IMO 2010 A1 (P1)

A ring with floor is a totally ordered ring $R$ with a floor function $⌊⬝⌋ : R → ℤ$ such that for any $x ∈ R$ and $n ∈ ℤ$, we have $⌊x⌋ ≤ n$ if and only if $x ≤ n_R$. (See FloorRing for the formal definition.)

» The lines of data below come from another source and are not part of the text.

(* Let $R$ and $B$ be disjoint finite sets of points in the plane such that no three points of $R\cup B$ are collinear, and let $f:R\to\{2,3,4,\ldots\}$ be a function. If $|B|=\sum_{x\in R}(f(x)-2)+2$, then there exists a non-crossing geometric spanning tree $T$ on $R\cup B$ such that the set of leaves of $T$ is exactly $B$ and $\deg_T(x)=f(x)$ for every $x\in R$.
   Context: A geometric spanning tree on a point set $P$ is a tree with vertex set $P$ whose edges are drawn as straight-line segments between their endpoints; it is non-crossing if no two edges intersect except at a common endpoint. $\deg_T(v)$ denotes the degree of vertex $v$ in $T$, and a leaf is a vertex of degree one. *)

From mathcomp Require Import all_boot all_order all_algebra.
From mathcomp Require Import reals.
Set Implicit Arguments. Unset Strict Implicit. Unset Printing Implicit Defensive.
Import Order.TTheory GRing.Theory Num.Theory.
Local Open Scope ring_scope.

Section Geom.
Variable R : realType.
Definition point := (R * R)%type.

Definition orient (p q r : point) : R :=
  (q.1 - p.1) * (r.2 - p.2) - (q.2 - p.2) * (r.1 - p.1).

Definition collinear (p q r : point) : Prop := orient p q r = 0.

Definition on_segment (z p q : point) : Prop :=
  exists t : R, 0 <= t /\ t <= 1 /\
    z = ((1 - t) * p.1 + t * q.1, (1 - t) * p.2 + t * q.2).
End Geom.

Let $R$ and $S$ be totally ordered rings with floor. Suppose that there exists $α ∈ R$ such that $0 < α < 1$. Find all functions $f : R → S$ such that for any $x, y ∈ R$, $$ f(⌊x⌋ y) = ⌊f(y)⌋ f(x). $$

Answer

$f ≡ 0$ and $f ≡ C$ for some constant $C ∈ S$ with $⌊C⌋ = 1$.

Solution

Plugging $(x, y) = (0, 0)$ yields either $f(0) = 0$ or $⌊f(0)⌋ = 1$. In the case $⌊f(0)⌋ = 1$, plugging $y = 0$ yields that $f ≡ C$ for some constant $C$. Note that $C = f(0)$, so $⌊C⌋ = ⌊f(0)⌋ = 1$.

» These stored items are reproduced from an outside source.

(* Let $H_{KR}=[h_1\cdots h_{51}]=[I_{10}\ M_{KR}]$ be the $10\times 51$ binary matrix, where $I_{10}$ is the identity matrix (so $h_i$ is the $i$-th unit vector for $i\le10$) and $h_{11},\dots,h_{51}$ are, in order, the columns of $M_{KR}$ given in hexadecimal as 1B6, 193, 1CC, 187, 1F6, F7, 16E, 140, 3C, 296, 22F, 303, 381, 365, 11D, 1A3, 274, 2F2, 254, 56, F, 41, 357, 208, 34, 329, 28D, 31D, 3D5, 129, 3D7, B7, 3EC, 2E2, 23C, AD, 34E, 155, 2E6, 371, D4 (each hexadecimal number written as a 10-bit binary string, most significant bit as the top entry; e.g. 1B6 $=(0,1,1,0,1,1,0,1,1,0)^T$). Let $\mathcal P_{KR}$ be the partition of the column indices into the 11 subsets $\{5,13,43\}$, $\{20,27\}$, $\{3,29,33,39,41,48,51\}$, $\{1,7,19,25,34,45\}$, $\{2,4,18\}$, $\{6,8,12,26,28,35,44\}$, $\{9,22,23,30\}$, $\{10,11,15,16,32,42\}$, $\{14,24,49,50\}$, $\{17,21,31,37,46,47\}$, $\{36,38,40\}$. Then (i) $\mathcal P_{KR}$ is a $2$-partition of $H_{KR}$: every nonzero vector of $\mathbb{F}_2^{10}$ is a column of $H_{KR}$ or the sum of two columns of $H_{KR}$ lying in distinct subsets of $\mathcal P_{KR}$; (ii) the code with parity-check matrix $H_{KR}$ has minimum distance $3$, and $h_5+h_{27}+h_{29}=0$, where $h_5,h_{27},h_{29}$ lie in three distinct subsets of $\mathcal P_{KR}$.
   Context: For an $r\times n$ parity-check matrix $H$ of a binary code of covering radius $2$ and minimum distance $\ge3$, a $2$-partition is a partition of the column set of $H$ into nonempty subsets such that every vector of $\mathbb{F}_2^r$ is the sum of at most $2$ columns of $H$ lying in pairwise distinct subsets (the zero vector being the empty sum). *)

From HB Require Import structures.
From mathcomp Require Import all_boot all_order all_algebra.
Set Implicit Arguments. Unset Strict Implicit. Unset Printing Implicit Defensive.
Import GRing.Theory.
Local Open Scope ring_scope.

(* Columns of H_KR indexed 1..51 (paper's 1-based convention). *)

Definition MKR_hex : seq nat :=
  [:: 0x1B6; 0x193; 0x1CC; 0x187; 0x1F6; 0xF7; 0x16E; 0x140; 0x3C; 0x296;
      0x22F; 0x303; 0x381; 0x365; 0x11D; 0x1A3; 0x274; 0x2F2; 0x254; 0x56;
      0xF; 0x41; 0x357; 0x208; 0x34; 0x329; 0x28D; 0x31D; 0x3D5; 0x129;
      0x3D7; 0xB7; 0x3EC; 0x2E2; 0x23C; 0xAD; 0x34E; 0x155; 0x2E6; 0x371; 0xD4]%N.

Definition hexcol (n : nat) : 'cV['F_2]_10 :=
  \col_(i < 10) (((n %/ 2 ^ (9 - i)) %% 2)%N)%:R.

Definition unitcol (k : nat) : 'cV['F_2]_10 :=
  \col_(i < 10) (i.+1 == k)%:R.

Definition hKR (j : nat) : 'cV['F_2]_10 :=
  if (j <= 10)%N then unitcol j else hexcol (nth 0%N MKR_hex (j - 11)).

Definition H_KR : 'M['F_2]_(10, 51) := \matrix_(i < 10, j < 51) hKR j.+1 i ord0.

Definition P_KR : seq (seq nat) :=
  [:: [:: 5; 13; 43];
      [:: 20; 27];
      [:: 3; 29; 33; 39; 41; 48; 51];
      [:: 1; 7; 19; 25; 34; 45];
      [:: 2; 4; 18];
      [:: 6; 8; 12; 26; 28; 35; 44];
      [:: 9; 22; 23; 30];
      [:: 10; 11; 15; 16; 32; 42];
      [:: 14; 24; 49; 50];
      [:: 17; 21; 31; 37; 46; 47];
      [:: 36; 38; 40]]%N.

Definition is_partition (P : seq (seq nat)) (n : nat) : Prop :=
  perm_eq (flatten P) (iota 1 n) /\ all (fun B => size B != 0%N) P.

Definition distinct_blocks (P : seq (seq nat)) (j k : nat) : bool :=
  ~~ has (fun B => (j \in B) && (k \in B)) P.

Definition colj (r n : nat) (H : 'M['F_2]_(r, n)) (j : nat) : 'cV['F_2]_r :=
  \col_(i < r) (if insub j.-1 is Some jj then H i jj else 0).

(* 2-partition: every vector of F_2^r is the sum of at most 2 columns of H
   lying in pairwise distinct subsets of P (the zero vector = empty sum). *)
Definition two_partition (r n : nat) (H : 'M['F_2]_(r, n)) (P : seq (seq nat)) : Prop :=
  is_partition P n /\
  forall v : 'cV['F_2]_r,
    v = 0 \/
    (exists j, (1 <= j <= n)%N /\ v = colj H j) \/
    (exists j k, (1 <= j <= n)%N /\ (1 <= k <= n)%N /\ distinct_blocks P j k
                 /\ v = colj H j + colj H k).

Definition codeword (r n : nat) (H : 'M['F_2]_(r, n)) (c : 'rV['F_2]_n) : bool :=
  H *m c^T == 0.

Definition wt (n : nat) (c : 'rV['F_2]_n) : nat := #|[set j : 'I_n | c ord0 j != 0]|.

Definition min_distance (r n : nat) (H : 'M['F_2]_(r, n)) (d : nat) : Prop :=
  (exists c, codeword H c /\ c != 0 /\ wt c = d) /\
  (forall c, codeword H c -> c != 0 -> (d <= wt c)%N).

From mathcomp Require Import all_boot all_order all_algebra.
Set Implicit Arguments. Unset Strict Implicit. Unset Printing Implicit Defensive.
Import GRing.Theory.
Local Open Scope ring_scope.

(* Everything reduces to a finite computation in F_2^10 once a vector is encoded
   as the 10-bit word of its entries, sums becoming bitwise xor.  The 2-partition
   property is certified by running through all 1024 words and finding each
   nonzero one among the columns or among the xors of two columns from distinct
   blocks.  Since the columns are nonzero and pairwise distinct, no codeword has
   weight 1 or 2, and h_5 + h_27 + h_29 = 0 yields a codeword of weight 3. *)

Lemma pchar_F2 : (2 \in [pchar 'F_2])%N.
Proof. exact: pchar_Fp. Qed.

Lemma F2_neq0_natr (x : 'F_2) : (x != 0)%:R = x.
Proof. by case: x => [[|[|m]] lt] //; apply/val_inj. Qed.

Lemma F2_neq0 (x : 'F_2) : x != 0 -> x = 1.
Proof. by move=> nz; rewrite -[x]F2_neq0_natr nz. Qed.

Lemma F2_natr_addb (a b : bool) : ((a (+) b : nat)%:R : 'F_2) = a%:R + b%:R.
Proof. by case: a; case: b; rewrite /= ?addr0 ?add0r ?(addrr_pchar2 pchar_F2). Qed.

Lemma mxF2_addrr m k (A : 'M['F_2]_(m, k)) : A + A = 0.
Proof. by apply/matrixP => i j; rewrite !mxE (addrr_pchar2 pchar_F2). Qed.

Section Words.

Variable r : nat.

Definition word_col (w : seq bool) : 'cV['F_2]_r := \col_(i < r) (nth false w i)%:R.

Definition col_word (v : 'cV['F_2]_r) : seq bool := [seq v i 0 != 0 | i <- enum 'I_r].

Definition xorw (s t : seq bool) : seq bool := [seq x.1 (+) x.2 | x <- zip s t].

Lemma size_col_word v : size (col_word v) = r.
Proof. by rewrite size_map size_enum_ord. Qed.

Lemma col_wordK : cancel col_word word_col.
Proof.
move=> v; apply/matrixP => i k; rewrite mxE (ord1 k).
by rewrite (nth_map i) ?size_enum_ord // nth_ord_enum F2_neq0_natr.
Qed.

Lemma word_col_nseq0 m : word_col (nseq m false) = 0.
Proof. by apply/matrixP => i k; rewrite !mxE nth_nseq if_same. Qed.

Lemma word_col_inj s t :
  size s = r -> size t = r -> word_col s = word_col t -> s = t.
Proof.
move=> sr tr /matrixP eq_st; apply: (eq_from_nth (x0 := false)) => [|i]; first by rewrite sr tr.
rewrite sr => lt_ir; have := eq_st (Ordinal lt_ir) 0; rewrite !mxE /=.
by case: (nth false s i); case: (nth false t i) => // /eqP; rewrite ?oner_eq0 // eq_sym oner_eq0.
Qed.

Lemma word_colD s t :
  size s = size t -> word_col s + word_col t = word_col (xorw s t).
Proof.
move=> st; apply/matrixP => i k; rewrite !mxE.
have [lt_is | le_si] := ltnP i (size s).
  by rewrite (nth_map (false, false)) ?size_zip ?st ?minnn -?st // nth_zip // F2_natr_addb.
by rewrite !nth_default ?size_map ?size_zip -?st ?minnn ?addr0.
Qed.

End Words.

Fixpoint words (m : nat) : seq (seq bool) :=
  if m is m'.+1 then [seq b :: w | b <- [:: false; true], w <- words m'] else [:: [::]].

Lemma mem_words w : w \in words (size w).
Proof.
elim: w => //= b w IHw.
by case: b; rewrite /= !mem_cat map_f ?orbT.
Qed.

Lemma colj_col r n (H : 'M['F_2]_(r, n)) (j : 'I_n) : colj H j.+1 = col j H.
Proof.
apply/matrixP => i k; rewrite !mxE /=.
by case: insubP => [jj _ /val_inj -> | /negP[]] //=; rewrite ltn_ord.
Qed.

Definition covered_by_two r n (H : 'M['F_2]_(r, n)) (P : seq (seq nat)) : Prop :=
  forall v : 'cV['F_2]_r, v != 0 ->
    (exists j, (1 <= j <= n)%N /\ v = colj H j) \/
    (exists j k, (1 <= j <= n)%N /\ (1 <= k <= n)%N /\ distinct_blocks P j k
                 /\ v = colj H j + colj H k).

Lemma two_partition_cover r n (H : 'M['F_2]_(r, n)) P :
  is_partition P n -> covered_by_two H P -> two_partition H P.
Proof.
move=> partP cover; split=> // v.
by have [->|/cover] := eqVneq v 0; [left | right].
Qed.

(* Word positions in [cs] are 0-based, whereas [P] refers to columns 1-based. *)
Definition distinct_block_sums (P : seq (seq nat)) (cs : seq (seq bool)) : seq (seq bool) :=
  [seq xorw (nth [::] cs jk.1) (nth [::] cs jk.2)
  | jk <- [seq (j, k) | j <- iota 0 (size cs), k <- iota 0 (size cs)]
  & distinct_blocks P jk.1.+1 jk.2.+1].

Definition covered_by_twob (r : nat) (P : seq (seq nat)) (cs : seq (seq bool)) : bool :=
  let sums := cs ++ distinct_block_sums P cs in
  all (fun w => (w == nseq r false) || (w \in sums)) (words r).

Section ColumnWords.

Variables (r n : nat) (H : 'M['F_2]_(r, n)) (cs : seq (seq bool)).
Hypothesis size_cs : size cs = n.
Hypothesis size_cs_words : all (fun w => size w == r) cs.
Hypothesis col_cs : forall j : 'I_n, col j H = word_col r (nth [::] cs j).

Lemma size_nth_cs j : (j < n)%N -> size (nth [::] cs j) = r.
Proof. by move=> lt_jn; apply/eqP/(allP size_cs_words)/mem_nth; rewrite size_cs. Qed.

Lemma colj_cs j : (j < n)%N -> colj H j.+1 = word_col r (nth [::] cs j).
Proof. by move=> lt_jn; rewrite (colj_col H (Ordinal lt_jn)) col_cs. Qed.

Lemma col_cs_neq0 : nseq r false \notin cs -> forall j, col j H != 0.
Proof.
move=> cs0 j; rewrite col_cs -(word_col_nseq0 r r); apply: contraNneq cs0.
move/word_col_inj => <-; rewrite ?size_nseq ?size_nth_cs //.
by apply: mem_nth; rewrite size_cs.
Qed.

Lemma col_cs_inj : uniq cs -> injective (fun j => col j H).
Proof.
move=> uniq_cs j k; rewrite !col_cs => /word_col_inj.
rewrite !size_nth_cs // => /(_ erefl erefl) /eqP.
by rewrite nth_uniq ?size_cs // => /eqP/val_inj.
Qed.

Lemma covered_by_two_words P : covered_by_twob r P cs -> covered_by_two H P.
Proof.
move=> /allP covered v v_neq0; rewrite -(col_wordK v).
have := mem_words (col_word v); rewrite size_col_word => /covered.
case/orP=> [/eqP v0 | ]; first by move: v_neq0; rewrite -(col_wordK v) v0 word_col_nseq0 eqxx.
rewrite mem_cat => /orP[v_cs | /mapP[[j k]]].
  left; exists (index (col_word v) cs).+1.
  have lt_vn : (index (col_word v) cs < n)%N by rewrite -size_cs index_mem.
  by rewrite colj_cs // nth_index.
rewrite mem_filter /= => /andP[dist_jk /allpairsP[[j' k'] [/= j_in k_in [eq_j eq_k]]]] ->.
move: j_in k_in; rewrite -eq_j -eq_k !mem_iota /= add0n size_cs => lt_jn lt_kn.
right; exists j.+1, k.+1.
do 3 split => //.
by rewrite !colj_cs // word_colD ?size_nth_cs.
Qed.

End ColumnWords.

Section MinimumDistance.

Variables (r n : nat) (H : 'M['F_2]_(r, n)).

Lemma mul_trF2 (c : 'rV['F_2]_n) :
  H *m c^T = \sum_(j in [set j | c ord0 j != 0]) col j H.
Proof.
apply/matrixP => i k; rewrite !mxE summxE [RHS]big_mkcond; apply: eq_bigr => j _.
rewrite !mxE (ord1 k) inE; have [->|/F2_neq0 ->] := eqVneq (c ord0 j) 0.
  by rewrite mulr0.
by rewrite mulr1.
Qed.

Lemma wt_eq0 (c : 'rV['F_2]_n) : wt c = 0%N -> c = 0.
Proof.
move/eqP; rewrite cards_eq0 => /eqP supp0; apply/matrixP => i j; rewrite (ord1 i) mxE.
apply/eqP/negPn/negP => c_j.
have : j \in [set j | c ord0 j != 0] by rewrite inE.
by rewrite supp0 inE.
Qed.

Lemma codeword_wt3 (a b d : 'I_n) :
  uniq [:: a; b; d] -> col a H + col b H + col d H = 0 ->
  exists c, codeword H c /\ c != 0 /\ wt c = 3%N.
Proof.
rewrite /= !inE negb_or => /and3P[/andP[ab ad] bd _] sum0.
pose c : 'rV['F_2]_n := \row_j (j \in (a |: (b |: [set d])))%:R.
have supp_c : [set j | c ord0 j != 0] = (a |: (b |: [set d])).
  by apply/setP => j; rewrite inE mxE; case: (j \in _); rewrite ?oner_eq0 ?eqxx.
exists c; split; last split.
- rewrite /codeword mul_trF2 supp_c !big_setU1 ?big_set1 ?inE ?negb_or ?ab ?ad ?bd //=.
  by rewrite addrA sum0.
- apply/eqP => /matrixP/(_ ord0 a); rewrite !mxE !inE eqxx => /eqP; by rewrite oner_eq0.
- by rewrite /wt supp_c !cardsU1 cards1 !inE negb_or ab ad bd.
Qed.

Hypothesis col_neq0 : forall j, col j H != 0.
Hypothesis col_inj : injective (fun j => col j H).

Lemma codeword_wt_ge3 c : codeword H c -> c != 0 -> (3 <= wt c)%N.
Proof.
rewrite /codeword mul_trF2 => /eqP sum0 c_neq0; rewrite leqNgt; apply/negP => wt_lt3.
have wt_neq0 : wt c != 0%N by apply: contra_neq c_neq0; apply: wt_eq0.
have : (wt c == 1%N) || (wt c == 2%N) by move: wt_lt3 wt_neq0; case: (wt c) => [|[|[|]]].
case/orP => [/cards1P[a supp_a] | /cards2P[a [b [ab supp_ab]]]].
- by move: sum0; rewrite supp_a big_set1 => /eqP; rewrite (negbTE (col_neq0 a)).
- move: sum0; rewrite supp_ab big_setU1 ?big_set1 ?inE //=.
  move/(congr1 (+%R^~ (col b H))); rewrite -addrA mxF2_addrr addr0 add0r.
  by move/col_inj => eq_ab; rewrite eq_ab eqxx in ab.
Qed.

End MinimumDistance.

Lemma min_distance3 r n (H : 'M['F_2]_(r, n)) (a b d : 'I_n) :
  (forall j, col j H != 0) -> injective (fun j => col j H) ->
  uniq [:: a; b; d] -> col a H + col b H + col d H = 0 -> min_distance H 3.
Proof.
move=> col_neq0 col_inj abd sum0; split; first exact: codeword_wt3 abd sum0.
exact: codeword_wt_ge3.
Qed.

Definition unit_word (k : nat) : seq bool := [seq i.+1 == k | i <- iota 0 10].

Definition hex_word (x : nat) : seq bool := [seq odd (x %/ 2 ^ (9 - i)) | i <- iota 0 10].

Definition KR_words : seq (seq bool) :=
  [seq if (j <= 10)%N then unit_word j else hex_word (nth 0%N MKR_hex (j - 11))
  | j <- iota 1 51].

Lemma col_KR_words (j : 'I_51) : col j H_KR = word_col 10 (nth [::] KR_words j).
Proof.
apply/matrixP => i k; rewrite !mxE (nth_map 0%N) ?size_iota // nth_iota // /hKR add1n.
case: (j.+1 <= 10)%N; rewrite !mxE (nth_map 0%N) ?size_iota // nth_iota //.
by rewrite modn2.
Qed.

Lemma KR_words_shape :
  [&& size KR_words == 51, all (fun w => size w == 10) KR_words,
      uniq KR_words & nseq 10 false \notin KR_words].
Proof. by vm_compute. Qed.

Lemma KR_covered_by_twob : covered_by_twob 10 P_KR KR_words.
Proof. by vm_compute. Qed.

Lemma KR_covered_by_two : covered_by_two H_KR P_KR.
Proof.
have /and4P[/eqP size_KR size_KR_words _ _] := KR_words_shape.
exact (covered_by_two_words size_KR size_KR_words col_KR_words KR_covered_by_twob).
Qed.

Lemma KR_col_sum3 :
  col (@Ordinal 51 4 isT) H_KR + col (@Ordinal 51 26 isT) H_KR
  + col (@Ordinal 51 28 isT) H_KR = 0.
Proof.
rewrite !col_KR_words !word_colD; try by vm_compute.
by rewrite -(word_col_nseq0 10 10); congr word_col; vm_compute.
Qed.

Lemma KR_colj_sum3 : colj H_KR 5 + colj H_KR 27 + colj H_KR 29 = 0.
Proof.
by rewrite (colj_col H_KR (@Ordinal 51 4 isT)) (colj_col H_KR (@Ordinal 51 26 isT))
           (colj_col H_KR (@Ordinal 51 28 isT)) KR_col_sum3.
Qed.

Lemma KR_min_distance : min_distance H_KR 3.
Proof.
have /and4P[/eqP size_KR size_KR_words uniq_KR KR_neq0] := KR_words_shape.
apply: min_distance3 KR_col_sum3; last by vm_compute.
- exact: col_cs_neq0 size_KR_words col_KR_words KR_neq0.
- exact: col_cs_inj size_KR size_KR_words col_KR_words uniq_KR.
Qed.

Lemma KR_partition : is_partition P_KR 51.
Proof. by split; vm_compute. Qed.

Theorem theorem5p2 :
  two_partition H_KR P_KR /\
  (forall v : 'cV['F_2]_10, v != 0 ->
     (exists j, (1 <= j <= 51)%N /\ v = colj H_KR j) \/
     (exists j k, (1 <= j <= 51)%N /\ (1 <= k <= 51)%N /\ distinct_blocks P_KR j k
                  /\ v = colj H_KR j + colj H_KR k)) /\
  min_distance H_KR 3 /\
  colj H_KR 5 + colj H_KR 27 + colj H_KR 29 = 0 /\
  distinct_blocks P_KR 5 27 /\ distinct_blocks P_KR 5 29 /\ distinct_blocks P_KR 27 29.
Proof.
split; first exact: two_partition_cover KR_partition KR_covered_by_two.
split; first exact: KR_covered_by_two.
split; first exact: KR_min_distance.
split; first exact: KR_colj_sum3.
by vm_compute.
Qed.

Now assume that $f(0) = 0$. Fix some $α ∈ R$ such that $0 < α < 1$. Plugging $x = y = α$ yields $⌊f(α)⌋ f(α) = f(0) = 0$ and so $⌊f(α)⌋ = 0$. Plugging $(x, y) = (-1, α)$ then yields $f(-α) = 0$. Finally, since $⌊-α⌋ = -1$, plugging $x = -α$ gives $f ≡ 0$.

Extra

It can be shown that there exists $α ∈ R$ such that $0 < α < 1$ as long as $R$ is not isomorphic to either $ℤ$ or the trivial ring.

def IMOSL.IMO2010A1.good {R : Type u_1} {S : Type u_2} [Ring R] [LinearOrder R] [FloorRing R] [Ring S] [LinearOrder S] [FloorRing S] (f : R → S) : Prop

A function f : R → S is called good if f(⌊x⌋ y) = ⌊f(y)⌋ f(x) for all x, y : R.

Equations

• IMOSL.IMO2010A1.good f = ∀ (x y : R), f (⌊x⌋ • y) = ⌊f y⌋ • f x

theorem IMOSL.IMO2010A1.zero_is_good {R : Type u_1} {S : Type u_2} [Ring R] [LinearOrder R] [FloorRing R] [Ring S] [LinearOrder S] [FloorRing S] : good 0

The zero function is good.

theorem IMOSL.IMO2010A1.const_is_good_of_floor_eq_one {R : Type u_2} {S : Type u_1} [Ring R] [LinearOrder R] [FloorRing R] [Ring S] [LinearOrder S] [FloorRing S] {C : S} (hC : ⌊C⌋ = 1) : good fun (x : R) => C

The constant function f ≡ C is good if ⌊C⌋ = 1.

theorem IMOSL.IMO2010A1.good.floor_eq_one_or_eq_zero {R : Type u_2} {S : Type u_1} [Ring R] [LinearOrder R] [FloorRing R] [Ring S] [LinearOrder S] [FloorRing S] [IsOrderedAddMonoid S] {f : R → S} (hf : good f) : ⌊f 0⌋ = 1 ∨ f 0 = 0

We have either ⌊f(0)⌋ = 1 or f(0) = 0.

theorem IMOSL.IMO2010A1.good.eq_const_of_floor_map_zero_eq_one {R : Type u_1} {S : Type u_2} [Ring R] [LinearOrder R] [FloorRing R] [Ring S] [LinearOrder S] [FloorRing S] {f : R → S} (hf : good f) (hf0 : ⌊f 0⌋ = 1) : ∃ (C : S), ⌊C⌋ = 1 ∧ f = fun (x : R) => C

If ⌊f(0)⌋ = 1, then f is constant.

theorem IMOSL.IMO2010A1.good.eq_zero_of_map_zero_eq_zero {R : Type u_1} {S : Type u_2} [Ring R] [LinearOrder R] [FloorRing R] [Ring S] [LinearOrder S] [FloorRing S] [IsStrictOrderedRing R] (hR : ∃ (α : R), 0 < α ∧ α < 1) [IsStrictOrderedRing S] {f : R → S} (hf : good f) (hf0 : f 0 = 0) : f = 0

Suppose there exists α : R such that 0 < α < 1. Then f(0) = 0 implies f ≡ 0.

theorem IMOSL.IMO2010A1.final_solution {R : Type u_1} {S : Type u_2} [Ring R] [LinearOrder R] [FloorRing R] [Ring S] [LinearOrder S] [FloorRing S] [IsStrictOrderedRing R] (hR : ∃ (α : R), 0 < α ∧ α < 1) [IsStrictOrderedRing S] {f : R → S} : good f ↔ (∃ (C : S), ⌊C⌋ = 1 ∧ f = fun (x : R) => C) ∨ f = 0

Final solution